_TASK TO COMPLETE_. Across the data, every line with the word "exact" counts once; state the total alone.

(RECORDS FOR THIS TASK)

Lemma canonical_port : canonical_ports par r port.
Proof.
move=> v; exists (sorted_children v); split.
- exact: permEl (perm_sort _ _).
- exact: sort_sorted tsize_ge_total _.
move=> j hj; rewrite /port.
have : nth v (sorted_children v) j \in children par r v by rewrite -mem_sorted_children mem_nth.
by rewrite inE => /andP [_ /eqP ->]; rewrite index_uniq // sorted_children_uniq.
Qed.

Lemma tsize_gt0 v : 0 < tsize v.
Proof. by apply/card_gt0P; exists v; rewrite inE anc_refl. Qed.

Lemma tsize_le v : tsize v <= n.
Proof. by have := max_card (subtree par v); rewrite card_ord. Qed.

Lemma tsize_child_lt c u : c \in children par r u -> tsize c < tsize u.
Proof.
move=> hc; apply: proper_card; apply/properP; split.
  by apply/subsetP => w; rewrite !inE; apply: anc_trans (anc_parent hc).
by exists u; rewrite !inE ?anc_refl // (negbTE (anc_childN hc)).
Qed.

(* The subtrees of the children of [u] are disjoint and miss [u]. *)
Lemma sum_tsize_children u : \sum_(c <- sorted_children u) tsize c < tsize u.
Proof.
rewrite (perm_big _ (permEl (perm_sort _ _))) big_enum /= /tsize.
under eq_bigr => c _ do rewrite -sum1_card big_mkcond /=.
rewrite exchange_big /= -sum1_card [X in _ < X]big_mkcond /=.
rewrite (bigD1 u) //= big1 => [|c hc]; last by rewrite inE (negbTE (anc_childN hc)).
rewrite [X in _ < X](bigD1 u) //= inE anc_refl add0n add1n ltnS.
apply: leq_sum => w _; rewrite inE.
have [uw|nuw] := boolP (anc par u w); last first.
  rewrite big1 // => c hc; rewrite inE; case: ifP => // hcw.
  by case/negP: nuw; exact: anc_trans (anc_parent hc) hcw.
case: (eqVneq u w) => [<- | u_neq_w].
  by rewrite big1 // => c hc; rewrite inE (negbTE (anc_childN hc)).
case: (anc_exists_child uw u_neq_w) => c0 hc0 hc0w.
rewrite (bigD1 c0) //= inE hc0w big1 // => c /andP [hc neq_c_c0].
by rewrite inE; case: ifP => // hcw; rewrite (children_anc_eq hc hc0 hcw hc0w) eqxx in neq_c_c0.
Qed.

Lemma light_child_tsize u h ls c : sorted_children u = h :: ls -> c \in ls ->
  (tsize c).*2 < tsize u.
Proof.
move=> e hc; have := sum_tsize_children u; rewrite e big_cons.
have uniq_ls : uniq ls by have := sorted_children_uniq u; rewrite e => /andP [].
rewrite (bigD1_seq c hc uniq_ls) /=.
have : tsize_ge h c.
  have := sort_sorted tsize_ge_total (enum (children par r u)).
  rewrite -/(sorted_children u) e /=.
  by move/(order_path_min tsize_ge_trans)/allP/(_ c hc).
rewrite /tsize_ge -addnn; lia.
Qed.

Variable k : nat.

Fixpoint needf (f : nat) (u : 'I_n) : nat :=
  if f is f'.+1 then
    match sorted_children u with
    | [::] => 1
    | h :: ls => 1 + \sum_(c <- ls) block_room k (needf f' c) + needf f' h
    end
  else 0.

(* The length of the interval reserved for [T_u]; the fuel [n] exceeds the
   height of the tree. *)
Definition need (u : 'I_n) : nat := needf n u.

Lemma needf_stable f g u : tsize u <= f -> tsize u <= g -> needf f u = needf g u.
Proof.
elim: f g u => [|f IH] [|g] u hf hg; try by have := tsize_gt0 u; lia.
rewrite /=; case e: (sorted_children u) => [|h ls] //.
have hc c : c \in sorted_children u -> needf f c = needf g c.
  by rewrite mem_sorted_children => /tsize_child_lt lt_cu; apply: IH; lia.
rewrite hc ?e ?mem_head //; congr (_ + _ + _); apply: eq_big_seq => c c_ls.
by rewrite hc // e inE c_ls orbT.
Qed.

Lemma needE u : need u =
  match sorted_children u with
  | [::] => 1
  | h :: ls => 1 + \sum_(c <- ls) block_room k (need c) + need h
  end.
Proof.
have n_gt0 : 0 < n by have := tsize_gt0 u; have := tsize_le u; lia.
rewrite /need -[X in needf X u](prednK n_gt0) /=.
case e: (sorted_children u) => [|h ls] //.
have hc c : c \in sorted_children u -> needf n.-1 c = needf n c.
  rewrite mem_sorted_children => /tsize_child_lt lt_cu.
  by have le_un := tsize_le u; have le_cn := tsize_le c; apply: needf_stable; lia.
rewrite hc ?e ?mem_head //; congr (_ + _ + _); apply: eq_big_seq => c c_ls.
by rewrite hc // e inE c_ls orbT.
Qed.

Lemma need_gt0 u : 0 < need u.
Proof. by rewrite needE; case: (sorted_children u) => // h ls; rewrite -addnA. Qed.

Hypothesis two_log_le : (trunc_log 2 n).*2 <= 2 ^ k.

(* Every light edge halves the subtree size and loses a factor [1 + 2 ^ -k]
   in the rounding, so a subtree of size [s] needs at most
   [s (1 + 2 log s / 2 ^ k)] positions. *)
Lemma need_bound u : need u * 2 ^ k <= tsize u * (2 ^ k + (trunc_log 2 (tsize u)).*2).
Proof.
have [N] := ubnP (tsize u); elim: N u => // N IH u /ltnSE le_uN.
set B := 2 ^ k; have B_gt0 : 0 < B by rewrite expn_gt0.
set X := B + (trunc_log 2 (tsize u)).*2; rewrite needE.
case e: (sorted_children u) => [|h ls]; first by have := tsize_gt0 u; rewrite /X; nia.
have hsum := sum_tsize_children u; rewrite e big_cons in hsum.
have child c : c \in sorted_children u -> tsize c < tsize u.
  by rewrite mem_sorted_children; apply: tsize_child_lt.
have heavy : need h * B <= tsize h * X.
  have lt_hu : tsize h < tsize u by apply: child; rewrite e mem_head.
  apply: leq_trans (IH h (leq_trans lt_hu le_uN)) _; rewrite leq_mul2l leq_add2l leq_double.
  by rewrite leq_trunc_log ?orbT // ltnW.
have light c : c \in ls -> block_room k (need c) * B <= tsize c * X.
  move=> c_ls; apply: room_scale_le B_gt0 (block_room_le k (need_gt0 c)) (IH c _) _ _.
  - by apply: leq_trans le_uN; apply: child; rewrite e inE c_ls orbT.
  - by rewrite -trunc_log2_double ?tsize_gt0 // leq_trunc_log // ltnW // (light_child_tsize e).
  - by apply: leq_trans two_log_le; rewrite leq_double leq_trunc_log ?tsize_le.
have hls : \sum_(c <- ls) block_room k (need c) * B <= (\sum_(c <- ls) tsize c) * X.
  by rewrite big_distrl /= !big_seq; apply: leq_sum.
rewrite -big_distrl /= in hls; rewrite !mulnDl.
have le_BX : B <= X by rewrite leq_addr.
nia.
Qed.

Definition lay_end (x : nat) (l : seq 'I_n) : nat := foldl (fun y c => block_end k y (need c)) x l.

Lemma lay_end_ge x l : x <= lay_end x l.
Proof.
elim: l x => //= c l IH x; apply: leq_trans (IH _).
exact: leq_trans (leq_addr _ _) (leq_block_end _ _ _).
Qed.

Lemma lay_end_le x l : lay_end x l <= x + \sum_(c <- l) block_room k (need c).
Proof.
elim: l x => [|c l IH] x /=; first by rewrite big_nil addn0.
rewrite big_cons; apply: leq_trans (IH _) _.
have := block_end_subn k x (need c); have := leq_block_end k x (need c); lia.
Qed.

Lemma lay_end_take_mono x l i j : i <= j -> lay_end x (take i l) <= lay_end x (take j l).
Proof.
by move=> le_ij; rewrite -[take j l](cat_take_drop i) /lay_end foldl_cat take_takel // lay_end_ge.
Qed.

Lemma lay_end_take_le x l i : lay_end x (take i l) <= lay_end x l.
Proof. by rewrite -[in X in _ <= X](cat_take_drop i l) /lay_end foldl_cat lay_end_ge. Qed.

Lemma lay_end_takeS x l i : i < size l ->
  lay_end x (take i.+1 l) = block_end k (lay_end x (take i l)) (need (nth r l i)).
Proof. by move=> lt_il; rewrite (take_nth r lt_il) /lay_end foldl_rcons. Qed.

Definition root_end : nat := block_end k 0 (need r).
Definition root_place : place := Place 0 root_end (grain k (need r)).
(* Let $\mathcal Y\subset\mathbb R^d$ be a finite set such that no element of $\mathcal Y$ is a strict convex combination of other elements of $\mathcal Y$. Let $\varepsilon>0$ and let $\mathbf Z$ be a standard multivariate normal random vector on $\mathbb R^d$. For $s_1,s_2\in V_\Delta$ with $s_1\neq s_2$, define $f_k(y;Z)=s_k(y)+\varepsilon Z^\top y$ for $k=1,2$. Then $$\mathbb P_{\mathbf Z}\Big(\operatorname*{argmax}_{y\in\mathcal Y}f_1(y;\mathbf Z)\cap\operatorname*{argmax}_{y\in\mathcal Y}f_2(y;\mathbf Z)=\emptyset\Big)>0.$$
   Context: $\mathbb R^{\mathcal Y}$ is the space of vectors $s$ indexed by $\mathcal Y$ with components $s(y)$, and $V_\Delta=\{s\in\mathbb R^{\mathcal Y}:\sum_{y\in\mathcal Y}s(y)=0\}$ (the direction of the affine hull of the probability simplex $\Delta^{\mathcal Y}$). *)

From HB Require Import structures.
From mathcomp Require Import all_boot all_order all_algebra.
From mathcomp Require Import finmap.
From mathcomp Require Import all_classical all_reals all_analysis.
Set Implicit Arguments. Unset Strict Implicit. Unset Printing Implicit Defensive.
Import Order.TTheory GRing.Theory Num.Theory.
Local Open Scope classical_set_scope.
Local Open Scope ring_scope.

Definition dotv {R : realType} {d : nat} (z y : 'rV[R]_d) : R :=
  \sum_(i < d) z ord0 i * y ord0 i.

Definition strict_convex_comb_of_others {R : realType} {d : nat}
    (Y : {fset 'rV[R]_d}) (y : Y) : Prop :=
  exists lam : Y -> R,
    (forall x, 0 <= lam x) /\ lam y = 0 /\ \sum_(x : Y) lam x = 1 /\
    \sum_(x : Y) lam x *: (val x) = val y.

Definition in_VDelta {R : realType} {d : nat} (Y : {fset 'rV[R]_d})
  (s : Y -> R) : Prop := \sum_(y : Y) s y = 0.

Definition argmax_set {R : realType} {I : Type} (f : I -> R) : set I :=
  [set y | forall x, f x <= f y].

Definition pert_obj {R : realType} {d : nat} (Y : {fset 'rV[R]_d})
  (s : Y -> R) (eps : R) (z : 'rV[R]_d) : Y -> R :=
  fun y => s y + eps * dotv z (val y).

Definition std_normal_vector {R : realType} {dT : measure_display}
    {T : measurableType dT} (P : probability T R) {d : nat}
    (Z : T -> 'rV[R]_d) : Prop :=
  (forall i : 'I_d, measurable_fun setT (fun w => Z w ord0 i)) /\
  (forall i : 'I_d, forall B : set R, measurable B ->
     P ((fun w => Z w ord0 i) @^-1` B) = normal_prob 0 1 B) /\
  (forall B : 'I_d -> set R, (forall i, measurable (B i)) ->
     P (\bigcap_(i in [set: 'I_d]) ((fun w => Z w ord0 i) @^-1` B i)) =
     (\prod_(i < d) P ((fun w => Z w ord0 i) @^-1` B i))%E).

From HB Require Import structures.
From mathcomp Require Import all_boot all_order all_algebra.
From mathcomp Require Import finmap.
From mathcomp Require Import all_classical all_reals all_analysis.
From mathcomp Require Import ring lra measurable_realfun.
Set Implicit Arguments. Unset Strict Implicit. Unset Printing Implicit Defensive.
Import Order.TTheory GRing.Theory Num.Theory.
Import numFieldNormedType.Exports.
Local Open Scope classical_set_scope.
Local Open Scope ring_scope.

(* Let D := s1 - s2; it is not constant, so Y splits at a value c of D into a
   low part {D <= c} and a high part {D > c}, separated by a gap del > 0.  If
   the maximum of f2 over the low part beats its maximum over the high part by
   an amount in (0, del), then f2 is maximised only on the low part and
   f1 = f2 + D only on the high part.  This margin is a Lipschitz function of
   z.  Every point of Y is exposed (Gordan's alternative), so pushing z far
   along an exposing direction makes the margin >= del at a low point and
   negative at a high point; by the intermediate value theorem it equals
   del / 2 somewhere, hence stays in (0, del) on a small box around that
   point, which the Gaussian vector hits with positive probability. *)

Section Dot.
Variables (R : realType) (d : nat).
Implicit Types u v w : 'rV[R]_d.

Lemma dotvDl u v w : dotv (u + v) w = dotv u w + dotv v w.
Proof. by rewrite /dotv -big_split; apply: eq_bigr => i _; rewrite mxE mulrDl. Qed.

Lemma dotvZl a u v : dotv (a *: u) v = a * dotv u v.
Proof. by rewrite /dotv mulr_sumr; apply: eq_bigr => i _; rewrite mxE mulrA. Qed.

Lemma dotvNl u v : dotv (- u) v = - dotv u v.
Proof. by rewrite -scaleN1r dotvZl mulN1r. Qed.

Lemma dotvBl u v w : dotv (u - v) w = dotv u w - dotv v w.
Proof. by rewrite dotvDl dotvNl. Qed.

(End RECORDS FOR THIS TASK)

_SOLVED PROBLEM_. 4